Personal information
- Born: Christopher Hancock Beverly Hills, California

Professional wrestling career
- Ring name(s): Chris Bosh Coco the Mime
- Billed height: 5 ft 11 in (1.80 m)
- Billed weight: 195 lb (88 kg)
- Billed from: Beverly Hills, California
- Trained by: American Wild Child
- Debut: November 2002
- Retired: July 6, 2008

= Chris Bosh (wrestler) =

American professional wrestler

Christopher Hancock is an American retired professional wrestler. He is best known for his tenure in Pro Wrestling Guerrilla under the ring name Chris Bosh, where he was a three time PWG World Tag Team Champion.

==Professional wrestling career==

===Revolution Pro Wrestling===
Hancock started off his career training in the Revolution Pro Rudos Dojo.
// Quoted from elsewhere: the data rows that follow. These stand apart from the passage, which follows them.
(* Let $G$ be a totally disconnected, locally compact group, $g\in G$ and $U$ a compact open subgroup of $G$ such that the indices $|U:U\cap g^{-1}Ug|$ and $|U:U\cap gUg^{-1}|$ are coprime. Then $U$ is tidy for $g$ and $s(g)=|U:U\cap g^{-1}Ug|$.
   Context: The scale function of a totally disconnected, locally compact group $G$ is $s(g)=\min\{|U:U\cap g^{-1}Ug| : U \text{ a compact open subgroup of } G\}$. A compact open subgroup $U$ is tidy for $g$ if this minimum is attained at $U$. *)

From HB Require Import structures.
From mathcomp Require Import all_boot all_order monoid.
From mathcomp Require Import finmap all_classical all_reals topology.
Set Implicit Arguments. Unset Strict Implicit. Unset Printing Implicit Defensive.

Local Open Scope classical_set_scope.
Local Open Scope group_scope.

HB.mixin Record isTopologicalGroup G of Group G & Topological G := {
  mul_continuous : continuous (fun p : G * G => p.1 * p.2);
  inv_continuous : continuous (fun x : G => x^-1)
}.

#[short(type="topGroupType")]
HB.structure Definition TopologicalGroup :=
  {G of Group G & Topological G & isTopologicalGroup G}.

Section TDLC.
Variable G : topGroupType.

Definition tdlc : Prop :=
  [/\ hausdorff_space G, locally_compact [set: G] & totally_disconnected [set: G]].

Definition is_subgroup (U : set G) : Prop :=
  [/\ U 1, (forall x y, U x -> U y -> U (x * y)) & (forall x, U x -> U x^-1)].

Definition compact_open_subgroup (U : set G) : Prop :=
  [/\ is_subgroup U, compact U & open U].

Definition conjset (U : set G) (g : G) : set G := [set g^-1 * u * g | u in U].

Definition lcoset (x : G) (V : set G) : set G := [set x * v | v in V].

(* index |U : V| = number of cosets x V with x in U (0 if infinitely many;
   it is always finite when V is an open subgroup of a compact group U). *)
Definition subgroup_index (U V : set G) : nat :=
  #|` fset_set [set lcoset x V | x in U] |.

Definition displacement (g : G) (U : set G) : nat := subgroup_index U (setI U (conjset U g)).

(* scale function: the minimum of |U : U ∩ g^-1 U g| over compact open
   subgroups U (0 by convention if there is no compact open subgroup). *)
Definition scale_pred (g : G) (n : nat) : bool :=
  `[< exists U, compact_open_subgroup U /\ n = displacement g U >].
Lemma T_no_diagonal {a b : pt} : T_obstacle vs -> x0 < x1 -> y0 < y1 -> O a -> O b ->
  (a.1 = x0 /\ b.1 = x1) \/ (a.1 = x1 /\ b.1 = x0) ->
  (a.2 = y0 /\ b.2 = y1) \/ (a.2 = y1 /\ b.2 = y0) -> False.
Proof.
case=> rl _ [i1 [i2 [_ _ _ only_i12 side]]] x01 y01 ra rb hx hy.
have corner (c : pt) : c.1 = x0 \/ c.1 = x1 -> c.2 = y0 \/ c.2 = y1 -> O c ->
    exists2 j, j = i1 \/ j = i2 & vtx vs j = c.
  move=> cx cy; rewrite [c]surjective_pairing => rc'.
  have [j /only_i12 ji ej] := box_corner_extreme hx0 hx1 hy0 hy1 n3 gp rl cx cy rc'.
  by exists j.
have [j1 j1i ea] : exists2 j, j = i1 \/ j = i2 & vtx vs j = a by apply: corner; tauto.
have [j2 j2i eb] : exists2 j, j = i1 \/ j = i2 & vtx vs j = b by apply: corner; tauto.
rewrite -ea -eb in hx hy.
have shared : (vtx vs i1).1 = (vtx vs i2).1 \/ (vtx vs i1).2 = (vtx vs i2).2.
  by case: side => -[s1 s2]; [left | left | right | right];
    rewrite ?(on_left_eq hx0 s1) ?(on_left_eq hx0 s2) ?(on_right_eq hx1 s1) ?(on_right_eq hx1 s2)
      ?(on_bottom_eq hy0 s1) ?(on_bottom_eq hy0 s2) ?(on_top_eq hy1 s1) ?(on_top_eq hy1 s2).
by case: j1i j2i hx hy => -> [] -> [[? ?]|[? ?]] [[? ?]|[? ?]]; case: shared => ?; lra.
Qed.

(* Both L-paths between points below and above the box are the vertical
   segment through z. *)
Lemma skeleton_meets_vline {S} {z : pt} : skeleton vs S -> interior O z ->
  exists2 s, s \in S & exists2 u, segset s u & u.1 = z.1.
Proof.
move=> [_ sk] iz; have [_ _ z0 z1] := O_box _ (interior_mem iz).
have out (v : pt) : v.2 < y0 \/ y1 < v.2 -> ~ interior O v.
  by move=> hv /interior_mem /O_box[_ _ ? ?]; case: hv; lra.
have zpq : seg (z.1, y0 - 1) (z.1, y1 + 1) z by apply/vsegE => //; split=> //=; nra.
have [|||s sS [u [Pu su]]] := sk (z.1, y0 - 1) (z.1, y1 + 1) _ _ _ _ (or_introl erefl).
- by apply: out; left => /=; lra.
- by apply: out; right => /=; lra.
- by move=> P [] ->; exists z; split=> //; [right | left].
by exists s => //; exists u => //; case: Pu => /seg_between1 /sqr_diff_le0.
Qed.
(* Substituting [pi k] for each variable [k]: since [pi] need not be injective,
   the formula is shifted to fresh variables [sh + k], which are existentially
   quantified and constrained by [sh + k = pi k]. *)
Lemma edef0_comp (pi : nat -> nat) Z : edef0 Z -> edef0 (fun e => Z (e \o pi)).
Proof.
case=> f Hf; pose N := var_bound f.
pose sh := (foldr maxn 0 (map pi (iota 0 N))).+1.
have pi_lt_sh k : k < N -> pi k < sh.
  move=> Hk; rewrite ltnS.
  have : pi k \in map pi (iota 0 N) by apply: map_f; rewrite mem_iota.
  elim: (map pi (iota 0 N)) => //= v l IHl; rewrite in_cons leq_max.
  by case/orP=> [/eqP->|/IHl->]; rewrite ?leqnn ?orbT.
have sh_inj : injective (addn sh) by move=> x y /eqP; rewrite eqn_add2l => /eqP.
pose vs := map (addn sh) (iota 0 N).
have mem_vs k : (k \in vs) = (sh <= k < sh + N).
  apply/mapP/idP.
    by case=> x; rewrite mem_iota add0n => /andP[_ Hx] ->; rewrite leq_addr ltn_add2l.
  move=> /andP[H1 H2]; exists (k - sh); last by rewrite subnKC.
  by rewrite mem_iota add0n ltn_subLR.
pose eqs := map (fun k => FEq (sym S) (sh + k) (pi k)) (iota 0 N).
exists (exists_vars vs (FAnd (conj_list eqs) (rename (addn sh) f))) => e.
rewrite sat_exists_vars Hf; split.
- move=> H; exists (fun k => e (pi (k - sh))) => /=; split.
    apply/sat_conj_list => g /List.in_map_iff [k [<- /In_mem]] /=.
    rewrite mem_iota add0n => Hk.
    by rewrite mem_vs leq_addr ltn_add2l Hk addKn ifN // mem_vs negb_and -ltnNge pi_lt_sh.
  apply/sat_rename => //; move: H; apply: iffLR; apply: sat_agree => k Hk /=.
  by rewrite mem_vs leq_addr ltn_add2l Hk addKn.
- case=> w /= [/sat_conj_list Heqs /(sat_rename _ _ sh_inj) Hs].
  move: Hs; apply: iffLR; apply: sat_agree => k Hk /=.
  have Hk' : List.In (FEq _ (sh + k) (pi k)) eqs.
    by apply: List.in_map; apply/In_mem; rewrite mem_iota.
  by move: (Heqs _ Hk') => /= ->; rewrite mem_vs ifN // negb_and -ltnNge pi_lt_sh.
Qed.

(* [params e s] is the assignment [s ++ e]: the parameters [s] occupy the
   variables [0 .. size s - 1] and [e] is shifted past them. *)
Definition params (e : nat -> M) (s : seq M) : nat -> M :=
  fun k => if k < size s then nth (e 0) s k else e (k - size s).

Definition edef (A : M -> Prop) (Y : (nat -> M) -> Prop) :=
  exists Z s, edef0 Z /\ (forall y, List.In y s -> A y) /\
              forall e, Y e <-> Z (params e s).

Lemma params_nil e : params e [::] = e.
Proof. by apply: functional_extensionality => k; rewrite /params subn0. Qed.

Lemma params_cat e s1 s2 : params e (s1 ++ s2) = params (params e s2) s1.
Proof.
apply: functional_extensionality => k; rewrite /params size_cat nth_cat.
case: ifP => H1; case: ifP => H2 //.
- exact: set_nth_default.
- by case: ifP => H3; [apply: set_nth_default | lia].
- lia.
- by case: ifP => H3; [lia | rewrite subnDA].
Qed.
Definition bmoment_predk p r k z := if k is k'.+1 then bmoment p r k' z else 0.
Definition bmoment_predz p r k z := if z is z'.+1 then bmoment p r k z' else 0.

Lemma sum_bin_rev h p r : h <= p ->
  \sum_(h.+1 <= v < p.+1) 'C(p.+1 - v, r) = \sum_(d < p - h) 'C(d.+1, r).
Proof.
move=> hp; rewrite big_nat_rev /= -{1}[h.+1]add0n big_addn big_mkord.
by apply: eq_bigr => -[d /= hd] _; congr 'C(_, _); lia.
Qed.

Lemma bmoment_add_row p r k z :
  bmoment p.+1 r k z = \sum_(s <- stair_seqs p)
    ( ((seq_low_corners s == k) && (seq_diag_corners s == z)) * 'C((p - head 0 s).+1, r)
    + (((seq_low_corners s).+1 == k) && (seq_diag_corners s == z))
        * \sum_(d < p - head 0 s) 'C(d.+1, r)
    + ((seq_low_corners s == k) && ((seq_diag_corners s).+1 == z)) * (r == 0)).
Proof.
rewrite /bmoment /= big_allpairs_dep; apply: eq_big_seq => s.
rewrite mem_stair_seqs => /andP[/eqP sz_s /stair_seq_head]; rewrite sz_s => hp.
have hp1 : head 0 s < p.+1 by rewrite ltnS.
rewrite /= sz_s big_ltn; last exact: ltnW.
rewrite big_nat_recr //= hp1 !ltnn (ltn_eqF hp1) eqxx subnn bin0n subSn //.
rewrite !add0n andbT add1n -sum_bin_rev // big_distrr /=.
under eq_big_nat => v /andP[hv vp] do rewrite hv -ltnS vp /= (ltn_eqF vp).
ring.
Qed.

Lemma bmomentSS p r k z :
  bmoment p.+1 r.+1 k z =
    bmoment p r.+1 k z + bmoment p r k z + bmoment_predk p r.+2 k z + bmoment_predk p r.+1 k z.
Proof.
rewrite bmoment_add_row.
under eq_bigr => s _ do rewrite hockey_stick !binS !mulnDr muln0 addn0.
rewrite !big_split /= -!addnA; congr (_ + (_ + _)).
case: k => [|k] /=; first by rewrite !big1.
by rewrite -big_split; apply: eq_bigr => s _; rewrite eqSS.
Qed.

Lemma bmomentS0 p k z :
  bmoment p.+1 0 k z = bmoment p 0 k z + bmoment_predz p 0 k z + bmoment_predk p 1 k z.
Proof.
have sum_bin0 a : \sum_(d < a) 'C(d.+1, 0) = a.
  by rewrite (eq_bigr (fun=> 1)) ?sum_nat_const ?card_ord ?muln1.
rewrite bmoment_add_row; under eq_bigr => s _ do rewrite sum_bin0 !bin0.
rewrite !big_split /= [X in _ = X]addnAC; congr (_ + _ + _).
- by apply: eq_bigr => s _; rewrite bin0.
- case: k => [|k] /=; first by rewrite big1.
  by apply: eq_bigr => s _; rewrite eqSS bin1.
- case: z => [|z] /=; first by rewrite big1 // => s _; rewrite andbF.
  by apply: eq_bigr => s _; rewrite eqSS bin0.
Qed.

Lemma bmoment0 r k z : bmoment 0 r k z = ((k == 0) && (z == 0)) * 'C(0, r).
Proof. by rewrite /bmoment /= big_seq1 !(eq_sym 0). Qed.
He would make his professional debut in November 2002 in the "Fight For The Revolution" Battle Royal, under the ring name Chris Bosh. Bosh started his career as a clean cut babyface but would soon turn heel and join up with Rising Son and Disco Machine to form the Aggressive Thrill Attraction (A.T.A.), in Revolution Pro Wrestling. They feuded with The Aerial Xpress (Scorpio Sky and Quicksilver) as well as Super Dragon. Chris Bosh would go on to defeat Super Dragon for the Mexican Lucha Libre Heavyweight Championship, RPW's main title. He would remain champion until the company's final show, where he lost the championship to Top Gun Talwar.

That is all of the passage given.